• [SUPPLIED ENTRIES]:
--- START ---
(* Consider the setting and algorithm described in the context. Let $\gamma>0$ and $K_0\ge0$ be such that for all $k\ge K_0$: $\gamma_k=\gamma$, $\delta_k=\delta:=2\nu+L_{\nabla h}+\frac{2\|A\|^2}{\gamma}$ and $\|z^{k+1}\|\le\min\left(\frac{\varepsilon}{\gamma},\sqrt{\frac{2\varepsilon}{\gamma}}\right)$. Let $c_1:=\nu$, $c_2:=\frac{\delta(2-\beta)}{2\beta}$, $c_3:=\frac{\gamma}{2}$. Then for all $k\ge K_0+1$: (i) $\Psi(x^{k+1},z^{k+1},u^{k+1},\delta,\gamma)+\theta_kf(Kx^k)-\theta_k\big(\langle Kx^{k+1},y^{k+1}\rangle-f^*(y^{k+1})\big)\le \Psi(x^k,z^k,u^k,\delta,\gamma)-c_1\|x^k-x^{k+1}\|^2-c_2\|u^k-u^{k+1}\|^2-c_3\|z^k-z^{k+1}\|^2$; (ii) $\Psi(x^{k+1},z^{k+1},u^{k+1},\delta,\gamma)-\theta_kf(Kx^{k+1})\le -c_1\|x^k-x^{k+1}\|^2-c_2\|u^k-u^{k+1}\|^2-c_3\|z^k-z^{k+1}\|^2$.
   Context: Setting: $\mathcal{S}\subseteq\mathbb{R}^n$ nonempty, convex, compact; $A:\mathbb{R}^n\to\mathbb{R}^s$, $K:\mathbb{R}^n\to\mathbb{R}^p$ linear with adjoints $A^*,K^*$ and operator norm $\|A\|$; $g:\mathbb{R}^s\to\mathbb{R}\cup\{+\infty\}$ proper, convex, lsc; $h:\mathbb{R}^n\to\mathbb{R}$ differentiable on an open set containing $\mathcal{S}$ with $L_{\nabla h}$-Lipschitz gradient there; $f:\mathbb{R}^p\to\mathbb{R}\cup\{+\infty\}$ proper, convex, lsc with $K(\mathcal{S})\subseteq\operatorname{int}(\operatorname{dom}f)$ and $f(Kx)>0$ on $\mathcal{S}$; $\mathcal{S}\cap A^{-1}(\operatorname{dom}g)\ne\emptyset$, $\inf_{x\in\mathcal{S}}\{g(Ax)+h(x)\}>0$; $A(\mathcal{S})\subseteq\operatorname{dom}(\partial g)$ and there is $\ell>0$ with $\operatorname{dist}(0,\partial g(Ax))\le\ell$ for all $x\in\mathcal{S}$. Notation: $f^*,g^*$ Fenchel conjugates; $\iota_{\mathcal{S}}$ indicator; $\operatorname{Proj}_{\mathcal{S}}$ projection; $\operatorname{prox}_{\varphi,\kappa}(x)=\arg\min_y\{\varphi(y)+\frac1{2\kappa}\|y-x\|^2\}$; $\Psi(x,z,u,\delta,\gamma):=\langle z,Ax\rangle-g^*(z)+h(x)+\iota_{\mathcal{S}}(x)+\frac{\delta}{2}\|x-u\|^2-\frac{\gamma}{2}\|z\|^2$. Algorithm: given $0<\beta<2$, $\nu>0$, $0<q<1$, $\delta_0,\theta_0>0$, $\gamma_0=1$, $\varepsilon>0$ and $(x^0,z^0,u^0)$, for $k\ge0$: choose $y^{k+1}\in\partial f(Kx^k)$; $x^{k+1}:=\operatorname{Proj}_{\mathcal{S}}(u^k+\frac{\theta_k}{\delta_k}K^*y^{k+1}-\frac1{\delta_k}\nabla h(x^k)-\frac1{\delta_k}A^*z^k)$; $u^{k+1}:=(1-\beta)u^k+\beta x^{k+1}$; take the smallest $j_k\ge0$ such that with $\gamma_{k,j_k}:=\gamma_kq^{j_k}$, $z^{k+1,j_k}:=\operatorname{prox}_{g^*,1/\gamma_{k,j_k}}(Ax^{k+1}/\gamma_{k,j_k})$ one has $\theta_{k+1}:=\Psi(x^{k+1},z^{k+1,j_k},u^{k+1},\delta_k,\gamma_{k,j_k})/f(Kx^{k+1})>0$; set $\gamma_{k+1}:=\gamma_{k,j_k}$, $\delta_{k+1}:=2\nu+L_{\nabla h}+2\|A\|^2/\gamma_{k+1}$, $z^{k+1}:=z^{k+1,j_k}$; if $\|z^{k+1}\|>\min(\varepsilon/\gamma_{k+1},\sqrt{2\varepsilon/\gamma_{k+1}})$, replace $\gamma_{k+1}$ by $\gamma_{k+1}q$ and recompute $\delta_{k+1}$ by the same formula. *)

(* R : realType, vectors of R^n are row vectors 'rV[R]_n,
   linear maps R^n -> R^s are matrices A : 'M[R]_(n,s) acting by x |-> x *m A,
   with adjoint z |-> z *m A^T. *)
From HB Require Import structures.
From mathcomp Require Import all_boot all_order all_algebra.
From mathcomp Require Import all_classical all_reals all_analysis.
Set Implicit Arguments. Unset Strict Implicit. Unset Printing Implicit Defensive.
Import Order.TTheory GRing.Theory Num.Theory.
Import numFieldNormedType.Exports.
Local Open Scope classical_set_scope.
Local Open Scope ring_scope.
--- END ---
--- START ---
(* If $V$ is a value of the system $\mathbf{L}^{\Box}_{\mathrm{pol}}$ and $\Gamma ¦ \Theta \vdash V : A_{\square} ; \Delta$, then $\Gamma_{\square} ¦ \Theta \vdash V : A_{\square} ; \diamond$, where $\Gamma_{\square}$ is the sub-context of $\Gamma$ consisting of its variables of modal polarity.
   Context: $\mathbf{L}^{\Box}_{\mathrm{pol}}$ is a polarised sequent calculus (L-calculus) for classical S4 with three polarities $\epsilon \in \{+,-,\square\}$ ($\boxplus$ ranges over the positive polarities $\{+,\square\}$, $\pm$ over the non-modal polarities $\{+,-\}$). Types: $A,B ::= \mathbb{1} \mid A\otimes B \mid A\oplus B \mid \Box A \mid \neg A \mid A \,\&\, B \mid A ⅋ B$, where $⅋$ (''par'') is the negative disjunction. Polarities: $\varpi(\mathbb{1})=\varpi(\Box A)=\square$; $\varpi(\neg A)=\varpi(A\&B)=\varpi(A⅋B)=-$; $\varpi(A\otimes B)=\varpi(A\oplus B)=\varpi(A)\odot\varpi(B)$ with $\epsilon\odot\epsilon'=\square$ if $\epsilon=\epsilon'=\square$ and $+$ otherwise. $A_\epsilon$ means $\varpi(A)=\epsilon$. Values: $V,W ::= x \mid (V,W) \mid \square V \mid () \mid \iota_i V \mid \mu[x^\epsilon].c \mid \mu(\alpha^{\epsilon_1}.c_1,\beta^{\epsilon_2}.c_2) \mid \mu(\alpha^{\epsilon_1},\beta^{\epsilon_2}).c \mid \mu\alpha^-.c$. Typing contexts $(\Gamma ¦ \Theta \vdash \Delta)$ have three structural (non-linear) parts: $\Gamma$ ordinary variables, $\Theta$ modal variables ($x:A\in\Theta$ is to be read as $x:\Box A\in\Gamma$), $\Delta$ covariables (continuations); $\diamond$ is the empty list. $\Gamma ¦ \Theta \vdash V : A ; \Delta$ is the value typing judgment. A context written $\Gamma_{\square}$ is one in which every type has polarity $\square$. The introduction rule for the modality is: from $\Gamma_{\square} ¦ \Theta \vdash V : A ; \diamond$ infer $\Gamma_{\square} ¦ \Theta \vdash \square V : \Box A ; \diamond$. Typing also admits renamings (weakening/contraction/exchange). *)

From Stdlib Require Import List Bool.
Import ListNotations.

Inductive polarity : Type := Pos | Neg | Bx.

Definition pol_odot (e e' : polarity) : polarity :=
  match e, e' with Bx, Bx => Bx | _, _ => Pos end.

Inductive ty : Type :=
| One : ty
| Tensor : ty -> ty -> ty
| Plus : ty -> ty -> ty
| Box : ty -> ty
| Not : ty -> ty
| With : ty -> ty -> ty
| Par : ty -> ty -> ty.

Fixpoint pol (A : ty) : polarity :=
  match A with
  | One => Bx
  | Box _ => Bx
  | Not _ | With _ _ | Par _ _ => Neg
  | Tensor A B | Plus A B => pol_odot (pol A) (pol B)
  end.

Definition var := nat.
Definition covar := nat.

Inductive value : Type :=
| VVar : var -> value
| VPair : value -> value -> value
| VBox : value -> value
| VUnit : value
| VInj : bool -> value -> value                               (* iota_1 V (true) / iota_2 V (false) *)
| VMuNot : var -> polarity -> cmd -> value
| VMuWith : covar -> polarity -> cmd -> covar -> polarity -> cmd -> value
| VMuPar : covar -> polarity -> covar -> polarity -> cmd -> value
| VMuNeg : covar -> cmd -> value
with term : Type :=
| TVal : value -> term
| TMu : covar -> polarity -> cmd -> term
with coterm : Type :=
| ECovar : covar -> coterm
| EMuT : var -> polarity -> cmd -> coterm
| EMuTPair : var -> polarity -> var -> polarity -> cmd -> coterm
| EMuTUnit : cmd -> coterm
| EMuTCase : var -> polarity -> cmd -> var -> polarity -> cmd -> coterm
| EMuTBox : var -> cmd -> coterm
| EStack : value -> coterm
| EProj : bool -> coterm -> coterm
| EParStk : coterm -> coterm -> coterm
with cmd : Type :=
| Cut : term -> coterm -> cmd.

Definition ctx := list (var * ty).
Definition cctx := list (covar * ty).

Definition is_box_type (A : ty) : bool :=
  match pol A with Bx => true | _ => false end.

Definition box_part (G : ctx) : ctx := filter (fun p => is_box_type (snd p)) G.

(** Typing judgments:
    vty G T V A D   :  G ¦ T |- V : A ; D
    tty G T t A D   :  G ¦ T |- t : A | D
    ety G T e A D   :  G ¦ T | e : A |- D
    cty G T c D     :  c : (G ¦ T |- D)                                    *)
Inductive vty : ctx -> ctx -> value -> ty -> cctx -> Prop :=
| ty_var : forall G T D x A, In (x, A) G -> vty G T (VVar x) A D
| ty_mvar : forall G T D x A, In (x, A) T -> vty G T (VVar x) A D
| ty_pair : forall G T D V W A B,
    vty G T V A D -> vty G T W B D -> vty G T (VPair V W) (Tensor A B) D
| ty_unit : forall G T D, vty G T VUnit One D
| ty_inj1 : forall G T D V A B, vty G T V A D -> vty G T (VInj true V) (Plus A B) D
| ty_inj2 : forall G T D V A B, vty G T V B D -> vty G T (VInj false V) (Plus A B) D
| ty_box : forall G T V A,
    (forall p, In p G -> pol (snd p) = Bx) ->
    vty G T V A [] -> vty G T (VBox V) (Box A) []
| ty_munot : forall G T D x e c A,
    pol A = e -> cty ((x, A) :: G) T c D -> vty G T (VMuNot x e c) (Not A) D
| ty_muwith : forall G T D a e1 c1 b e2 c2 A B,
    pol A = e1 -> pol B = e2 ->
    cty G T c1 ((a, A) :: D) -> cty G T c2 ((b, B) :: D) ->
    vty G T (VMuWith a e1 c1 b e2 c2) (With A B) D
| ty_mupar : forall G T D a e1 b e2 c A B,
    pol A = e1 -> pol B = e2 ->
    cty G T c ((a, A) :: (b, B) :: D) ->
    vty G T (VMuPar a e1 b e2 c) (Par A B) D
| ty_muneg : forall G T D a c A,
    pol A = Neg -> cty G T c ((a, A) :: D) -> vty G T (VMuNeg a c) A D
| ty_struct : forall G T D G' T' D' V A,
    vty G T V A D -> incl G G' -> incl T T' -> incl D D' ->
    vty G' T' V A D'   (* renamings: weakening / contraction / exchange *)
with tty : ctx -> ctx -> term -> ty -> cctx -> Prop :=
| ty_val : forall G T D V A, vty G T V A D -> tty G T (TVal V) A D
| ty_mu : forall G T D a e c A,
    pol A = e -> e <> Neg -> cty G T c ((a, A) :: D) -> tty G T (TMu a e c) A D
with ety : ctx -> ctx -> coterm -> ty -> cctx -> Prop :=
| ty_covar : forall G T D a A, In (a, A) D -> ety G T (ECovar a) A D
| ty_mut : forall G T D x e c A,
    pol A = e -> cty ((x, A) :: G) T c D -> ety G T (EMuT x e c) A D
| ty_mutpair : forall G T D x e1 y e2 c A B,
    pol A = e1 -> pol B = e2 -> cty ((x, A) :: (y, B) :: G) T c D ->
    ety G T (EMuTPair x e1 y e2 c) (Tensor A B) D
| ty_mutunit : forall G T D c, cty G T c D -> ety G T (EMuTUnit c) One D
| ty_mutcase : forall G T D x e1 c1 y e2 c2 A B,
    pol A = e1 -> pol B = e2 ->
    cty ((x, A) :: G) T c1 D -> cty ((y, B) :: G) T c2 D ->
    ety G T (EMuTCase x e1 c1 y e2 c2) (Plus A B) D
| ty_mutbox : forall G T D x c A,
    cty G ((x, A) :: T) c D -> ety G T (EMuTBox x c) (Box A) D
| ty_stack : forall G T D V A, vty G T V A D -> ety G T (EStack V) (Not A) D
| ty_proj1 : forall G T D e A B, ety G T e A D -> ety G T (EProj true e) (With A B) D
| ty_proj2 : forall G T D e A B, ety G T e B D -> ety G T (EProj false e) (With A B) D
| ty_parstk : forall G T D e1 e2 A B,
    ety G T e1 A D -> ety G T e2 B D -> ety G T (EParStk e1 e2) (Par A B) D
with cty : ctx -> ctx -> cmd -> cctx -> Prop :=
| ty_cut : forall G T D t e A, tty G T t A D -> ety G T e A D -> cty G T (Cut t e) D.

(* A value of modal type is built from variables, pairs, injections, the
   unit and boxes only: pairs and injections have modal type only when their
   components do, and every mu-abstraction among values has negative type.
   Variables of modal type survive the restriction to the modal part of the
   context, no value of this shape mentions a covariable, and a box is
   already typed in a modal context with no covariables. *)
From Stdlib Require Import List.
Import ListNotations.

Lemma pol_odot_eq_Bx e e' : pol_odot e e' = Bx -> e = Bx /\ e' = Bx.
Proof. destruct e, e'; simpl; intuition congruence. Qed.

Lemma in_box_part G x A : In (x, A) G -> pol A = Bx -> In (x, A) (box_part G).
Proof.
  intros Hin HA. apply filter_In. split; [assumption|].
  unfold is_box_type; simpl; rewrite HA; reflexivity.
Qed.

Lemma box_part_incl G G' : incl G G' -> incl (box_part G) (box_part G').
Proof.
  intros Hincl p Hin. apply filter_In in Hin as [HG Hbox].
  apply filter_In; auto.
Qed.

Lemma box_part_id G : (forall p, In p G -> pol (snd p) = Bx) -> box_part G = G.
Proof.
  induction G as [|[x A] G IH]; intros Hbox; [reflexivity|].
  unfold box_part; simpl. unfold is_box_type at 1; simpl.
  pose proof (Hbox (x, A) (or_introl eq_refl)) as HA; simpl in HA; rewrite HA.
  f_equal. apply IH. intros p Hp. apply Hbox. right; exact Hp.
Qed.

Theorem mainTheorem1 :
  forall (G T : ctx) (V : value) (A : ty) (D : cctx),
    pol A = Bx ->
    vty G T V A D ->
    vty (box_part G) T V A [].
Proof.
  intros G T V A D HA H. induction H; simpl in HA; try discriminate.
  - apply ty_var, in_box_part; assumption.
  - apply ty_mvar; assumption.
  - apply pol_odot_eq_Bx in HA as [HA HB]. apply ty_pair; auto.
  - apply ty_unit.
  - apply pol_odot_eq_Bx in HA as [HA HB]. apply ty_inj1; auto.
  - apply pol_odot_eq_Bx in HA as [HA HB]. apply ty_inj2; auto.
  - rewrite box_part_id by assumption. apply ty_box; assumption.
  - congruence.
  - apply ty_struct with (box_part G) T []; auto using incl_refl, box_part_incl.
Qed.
--- END ---
• [YOUR GOAL]: Copy out, exactly and alone, the lines of the entries above between the ones holding "ty_mupar : forall" and "ty_parstk : forall", inclusive.

• [RESULT]:
| ty_mupar : forall G T D a e1 b e2 c A B,
    pol A = e1 -> pol B = e2 ->
    cty G T c ((a, A) :: (b, B) :: D) ->
    vty G T (VMuPar a e1 b e2 c) (Par A B) D
| ty_muneg : forall G T D a c A,
    pol A = Neg -> cty G T c ((a, A) :: D) -> vty G T (VMuNeg a c) A D
| ty_struct : forall G T D G' T' D' V A,
    vty G T V A D -> incl G G' -> incl T T' -> incl D D' ->
    vty G' T' V A D'   (* renamings: weakening / contraction / exchange *)
with tty : ctx -> ctx -> term -> ty -> cctx -> Prop :=
| ty_val : forall G T D V A, vty G T V A D -> tty G T (TVal V) A D
| ty_mu : forall G T D a e c A,
    pol A = e -> e <> Neg -> cty G T c ((a, A) :: D) -> tty G T (TMu a e c) A D
with ety : ctx -> ctx -> coterm -> ty -> cctx -> Prop :=
| ty_covar : forall G T D a A, In (a, A) D -> ety G T (ECovar a) A D
| ty_mut : forall G T D x e c A,
    pol A = e -> cty ((x, A) :: G) T c D -> ety G T (EMuT x e c) A D
| ty_mutpair : forall G T D x e1 y e2 c A B,
    pol A = e1 -> pol B = e2 -> cty ((x, A) :: (y, B) :: G) T c D ->
    ety G T (EMuTPair x e1 y e2 c) (Tensor A B) D
| ty_mutunit : forall G T D c, cty G T c D -> ety G T (EMuTUnit c) One D
| ty_mutcase : forall G T D x e1 c1 y e2 c2 A B,
    pol A = e1 -> pol B = e2 ->
    cty ((x, A) :: G) T c1 D -> cty ((y, B) :: G) T c2 D ->
    ety G T (EMuTCase x e1 c1 y e2 c2) (Plus A B) D
| ty_mutbox : forall G T D x c A,
    cty G ((x, A) :: T) c D -> ety G T (EMuTBox x c) (Box A) D
| ty_stack : forall G T D V A, vty G T V A D -> ety G T (EStack V) (Not A) D
| ty_proj1 : forall G T D e A B, ety G T e A D -> ety G T (EProj true e) (With A B) D
| ty_proj2 : forall G T D e A B, ety G T e B D -> ety G T (EProj false e) (With A B) D
| ty_parstk : forall G T D e1 e2 A B,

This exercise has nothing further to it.